Aquel modo de expresarse, cortante y en ráfagas, como las de una ametralladora, siempre interrumpido por el «¡señor!» al final, estaba sacando a Norman de sus casillas. Las volvió a mirar: los almidonados uniformes cubrían músculos poderosos. Norman no creyó poder abrirse paso por la fuerza. Más allá de la puerta vio a Harry, acostado de espaldas y roncando: era un momento perfecto para aplicarle la inyección.

– ¡Doctor Johnson! ¿Podemos ver lo que lleva en la mano, señor?

– ¡No, maldición, no pueden!

– ¡Muy bien, señor!

Norman dio media vuelta y regresó al Cilindro D.

– Lo vi todo -dijo Beth, señalando el monitor con un gesto de la cabeza.

Norman miró el monitor y vio a las dos mujeres en el corredor. Después observó el otro monitor que estaba al lado, y que mostraba la esfera.

– ¡La esfera se ha modificado! -exclamó Norman.

No había la menor duda de que las estrías espiraladas de la puerta estaban alteradas: el patrón era más complejo y se había desplazado hacia arriba.

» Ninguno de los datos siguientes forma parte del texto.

(* Let $\Phi=\varphi\land\bigwedge RE\land\bigwedge DI$ be an $\mathcal{ALCQIO}_{b,Re}$-formula over $\tau$ with $RE=\{\mathit{Reach}(B_1,S_1,A_1),\dots,\mathit{Reach}(B_h,S_h,A_h)\}$. Then $\mathrm{ORD}(\varphi)$ is non-empty iff there is a (finite) $\tau$-structure $\mathcal{M}$ with $\mathcal{M}\models\varphi$ that has an $h'$-useful labeling for every $1\le h'\le h$.
   Context: Structures are finite; $\tau$ has atomic concepts, atomic roles (a subset $\mathsf{N_F}$ functional, interpreted as partial functions) and nominals; $\tau$ contains all symbols of $\Phi$. $\mathcal{ALCQIO}_b$: concepts built from atomic concepts and nominals using $\sqcap,\sqcup,\neg,\exists r.C,\exists^{\le n}r.C$ for roles atomic or inverse; formulae are Boolean combinations of inclusions $C\sqsubseteq D$ and equalities; standard semantics. A reachability assertion $\mathit{Reach}(B,S,A)$ has atomic concepts $A,B$ and $S\subseteq\mathsf{N_F}$; an $\mathcal{ALCQIO}_{b,Re}$-formula is $\Phi=\varphi\land\bigwedge RE\land\bigwedge DI$ with $\varphi\in\mathcal{ALCQIO}_b$, $RE$ a finite set of reachability assertions, $DI$ a finite set of disjointness assertions $A_1\sqcap A_2\equiv\bot$, compatible (whenever two assertions of $RE$ share a role, their $A$-concepts are declared disjoint in $DI$). $D^{\mathcal{M}}_{h'}$ is the directed graph on vertex set $A_{h'}^{\mathcal{M}}$ with edges $\bigcup_{s\in S_{h'}}s^{\mathcal{M}}\cap(A_{h'}^{\mathcal{M}}\times A_{h'}^{\mathcal{M}})$. Types: $\mathrm{Con}(\varphi)$ is the set of concepts occurring in $\varphi$ (including subconcepts), $\mathrm{TYPES}_\varphi$ its power set, $\overline{tp}^{\varphi}_{\mathcal{M}}(u)=\{C\in\mathrm{Con}(\varphi)\mid u\in C^{\mathcal{M}}\}$. Given a finite set $L$ with a strict linear order $<$ of size $|\mathrm{TYPES}_\varphi|$ (by default $[1,|\mathrm{TYPES}_\varphi|]$ with the usual order), an $h'$-useful labeling for $\mathcal{M}$ (with values in $L$) is $f:A_{h'}^{\mathcal{M}}\to L$ such that (1) $f(u)=f(v)$ implies equal types, and (2) for every $u\in A_{h'}^{\mathcal{M}}$, either $u\in B_{h'}^{\mathcal{M}}$ or there are $v,w\in A_{h'}^{\mathcal{M}}$ with $f(u)=f(v)$, $f(w)<f(v)$ and $(w,v)$ an edge of $D^{\mathcal{M}}_{h'}$. $\mathrm{ORD}(\varphi)$: let $k=|\mathrm{TYPES}_\varphi|$ and extend $\tau$ to $\mathit{ext}(\tau)$ by a new atomic concept $M$, new nominals $o_1,\dots,o_k$, a new atomic role $\mathit{ord}$ and new functional roles $f_1,\dots,f_h$. For an $\mathit{ext}(\tau)$-structure $\mathcal{N}$ with universe $N$, let $\mathcal{M}$ be the substructure of $\mathcal{N}$ (restricted to $\tau$) with universe $M^{\mathcal{N}}$, and $O^{\mathcal{N}}=N\setminus M^{\mathcal{N}}$. Then $\mathcal{N}\in\mathrm{ORD}(\varphi)$ iff: (1) $\mathcal{M}\models\varphi$; (2) $N$ is partitioned into $M^{\mathcal{N}}$ and $O^{\mathcal{N}}=\{o_1^{\mathcal{N}},\dots,o_k^{\mathcal{N}}\}$; (3) $(o_i^{\mathcal{N}},o_j^{\mathcal{N}})\in\mathit{ord}^{\mathcal{N}}$ iff $i<j$; (4) for every $1\le h'\le h$, $f_{h'}^{\mathcal{N}}$ is a function from $A_{h'}^{\mathcal{M}}$ to $O^{\mathcal{N}}$; (5) for every $1\le h'\le h$, $f_{h'}^{\mathcal{N}}$ is an $h'$-useful labeling for $\mathcal{M}$ with values in $O^{\mathcal{N}}$ ordered by $\mathit{ord}^{\mathcal{N}}$. *)

From HB Require Import structures.
From mathcomp Require Import all_boot all_order.
Set Implicit Arguments. Unset Strict Implicit. Unset Printing Implicit Defensive.
(* Let $G$ be a finite group, $p>2$ a prime, and $n>0$ an integer with $\gcd(n,p)=1$. Then $P_e(G)\cong P_e(\mathbb{Z}_p\times\mathbb{Z}_p\times\mathbb{Z}_p\times\mathbb{Z}_n)$ if and only if $G\cong \mathbb{Z}_p\times\mathbb{Z}_p\times\mathbb{Z}_p\times\mathbb{Z}_n$ or $G\cong K\times\mathbb{Z}_n$, where $K$ is the unique non-abelian group of order $p^3$ and exponent $p$.
   Context: All groups are finite. $\mathbb{Z}_k$ denotes the cyclic group of order $k$. $K$ is the non-abelian group of order $p^3$ and exponent $p$, with presentation $\langle x,y,z \mid x^p=y^p=z^p=1,\ [x,y]=z,\ [x,z]=[y,z]=1\rangle$. For a group $X$, the enhanced power graph $P_e(X)$ is the simple graph with vertex set $X$ in which two distinct vertices $x,y$ are adjacent if and only if $\langle x,y\rangle$ is cyclic. *)

From HB Require Import structures.
From mathcomp Require Import all_boot all_order all_algebra all_fingroup all_solvable.
Set Implicit Arguments.
Unset Strict Implicit.
Unset Printing Implicit Defensive.
Local Open Scope group_scope.

Definition epg_adj (gT : finGroupType) (x y : gT) : bool :=
  (x != y) && cyclic <<[set x; y]>>.

Definition epg_isomorphic (gT hT : finGroupType) (G : {set gT}) (H : {set hT}) : Prop :=
  exists f : gT -> hT,
    [/\ {in G &, injective f}, f @: G = H &
        {in G &, forall x y, epg_adj x y = epg_adj (f x) (f y)}].

(* Z_k as the group Zp k (of order k for k > 0; 'Z_k alone is wrong for k = 1). *)
Definition Zppp_n (p n : nat) : {group ('Z_p * 'Z_p * 'Z_p * 'Z_n)%type} :=
  setX_group (setX_group (setX_group (Zp_group p) (Zp_group p)) (Zp_group p)) (Zp_group n).

(* K x Z_n, with K = p^{1+2} the extraspecial group of order p^3
   (of exponent p for odd p), from mathcomp's extraspecial.v *)
Definition K_n (p n : nat) : {group (p^{1+2} * 'Z_n)%type} :=
  setX_group [set: p^{1+2}]%G (Zp_group n).

From HB Require Import structures.
From mathcomp Require Import all_boot all_order all_algebra all_fingroup all_solvable.
Set Implicit Arguments.
Unset Strict Implicit.
Unset Printing Implicit Defensive.
Local Open Scope group_scope.

(* If G = P x C with |P| = p^3, exponent P | p and C cyclic of order n coprime
   to p, then <<x, y>> is cyclic iff <<x_p, y_p>> is, and for nontrivial a, b
   in P, <<a, b>> is cyclic iff <[a]> = <[b]>. Hence all such groups have
   isomorphic enhanced power graphs (match the subgroups of order p, then their
   nontrivial elements, and the factors C arbitrarily), and up to isomorphism
   they are Z_p^3 x Z_n and K x Z_n. Conversely, a graph isomorphism with
   P_e(Z_p^3 x Z_n) forces |G| = p^3 n, exactly n dominating vertices, and at
   every other vertex a closed neighbourhood of size pn that is a clique. Such
   a neighbourhood is a cyclic subgroup of order pn containing every dominating
   vertex, so the dominating vertices form a central cyclic subgroup of order
   n, every element order divides pn, and a Sylow p-subgroup of exponent p is
   a complement. *)

Section CyclicPairs.
Variable gT : finGroupType.
Implicit Types (x y a b c : gT) (G : {group gT}).

Lemma gen2_subG x y G : (<<[set x; y]>> \subset G) = (x \in G) && (y \in G).
Proof. by rewrite gen_subG subUset !sub1set. Qed.

Lemma mem_gen2l x y : x \in <<[set x; y]>>.
Proof. by rewrite mem_gen // !inE eqxx. Qed.

Lemma mem_gen2r x y : y \in <<[set x; y]>>.
Proof. by rewrite mem_gen // !inE eqxx orbT. Qed.

Lemma cyclic2C x y : cyclic <<[set x; y]>> = cyclic <<[set y; x]>>.
Proof. by rewrite setUC. Qed.

Lemma cyclic2_cycle a b c : a \in <[c]> -> b \in <[c]> -> cyclic <<[set a; b]>>.
Proof. by move=> ac bc; apply: cyclicS (cycle_cyclic c); rewrite gen2_subG ac. Qed.

Lemma cyclic2xx x : cyclic <<[set x; x]>>.
Proof. exact: cyclic2_cycle (cycle_id x) (cycle_id x). Qed.

Lemma cyclic21 x : cyclic <<[set 1; x]>>.
Proof. exact: cyclic2_cycle (group1 _) (cycle_id x). Qed.

Lemma cyclic2_commute x y : cyclic <<[set x; y]>> -> commute x y.
Proof. by move/cyclic_abelian/centsP; apply; rewrite ?mem_gen2l ?mem_gen2r. Qed.

Lemma cyclic2_epg_adj x y : cyclic <<[set x; y]>> = (x == y) || epg_adj x y.
Proof. by rewrite /epg_adj; case: eqVneq => [-> | _]; rewrite ?cyclic2xx. Qed.

End CyclicPairs.

Section Neighbourhoods.
Variable gT : finGroupType.
Implicit Types (x y z : gT) (S : {set gT}) (G : {group gT}).

Definition epg_nbhd S x := [set y in S | cyclic <<[set x; y]>>].

Definition epg_dom S := [set x in S | S \subset epg_nbhd S x].

Definition epg_clique S := {in S &, forall y z, cyclic <<[set y; z]>>}.

Lemma epg_nbhd_sub S x : epg_nbhd S x \subset S.
Proof. by apply/subsetP => y; rewrite inE => /andP[]. Qed.

Lemma epg_nbhd_id S x : x \in S -> x \in epg_nbhd S x.
Proof. by move=> Sx; rewrite inE Sx cyclic2xx. Qed.

Lemma epg_dom_sub S : epg_dom S \subset S.
Proof. by apply/subsetP => x; rewrite inE => /andP[]. Qed.

Lemma epg_domP S x y : x \in epg_dom S -> y \in S -> cyclic <<[set x; y]>>.
Proof. by rewrite inE => /andP[_ /subsetP sSN] /sSN; rewrite inE => /andP[]. Qed.

Lemma epg_dom_sub_nbhd S x : x \in S -> epg_dom S \subset epg_nbhd S x.
Proof.
move=> Sx; apply/subsetP => d Dd.
by rewrite inE (subsetP (epg_dom_sub S)) // cyclic2C (epg_domP Dd).
Qed.

Lemma sub_epg_nbhd_card S x : (S \subset epg_nbhd S x) = (#|epg_nbhd S x| == #|S|).
Proof. by rewrite (subset_leqif_card (epg_nbhd_sub S x)).2. Qed.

Norman se hallaba segurísimo de que había cambiado.

– Creo que tienes razón -admitió Beth.

– ¿Cuándo ocurrió eso?

– Podemos pasar las cintas más tarde. De momento, lo mejor será que nos encarguemos de esas dos.

– ¿Cómo? -preguntó Norman.

– Muy sencillo -contestó Beth cerrando los puños-. En el Cilindro B tenemos cinco puntas de lanza explosivas. Iré allí, sacaré dos y haré volar a los ángeles de la guarda. Tú entras corriendo y le pinchas.

La fría resolución de Beth habría resultado estremecedora, de no haber mediado el hecho de que la mujer estaba tan hermosa. Ahora sus rasgos poseían una refinada distinción. A cada minuto que transcurría, Beth parecía volverse más elegante.

– ¿Los lanzadores automáticos están en el B? -preguntó Norman.

– Claro que sí: mira el monitor. -Beth apretó un botón-. ¡Demonios!

En el Cilindro B faltaban los lanzadores neumáticos de dardos.

– Creo que el hijo de puta protegió sus flancos -dijo Norman-. ¡El bueno de Harry!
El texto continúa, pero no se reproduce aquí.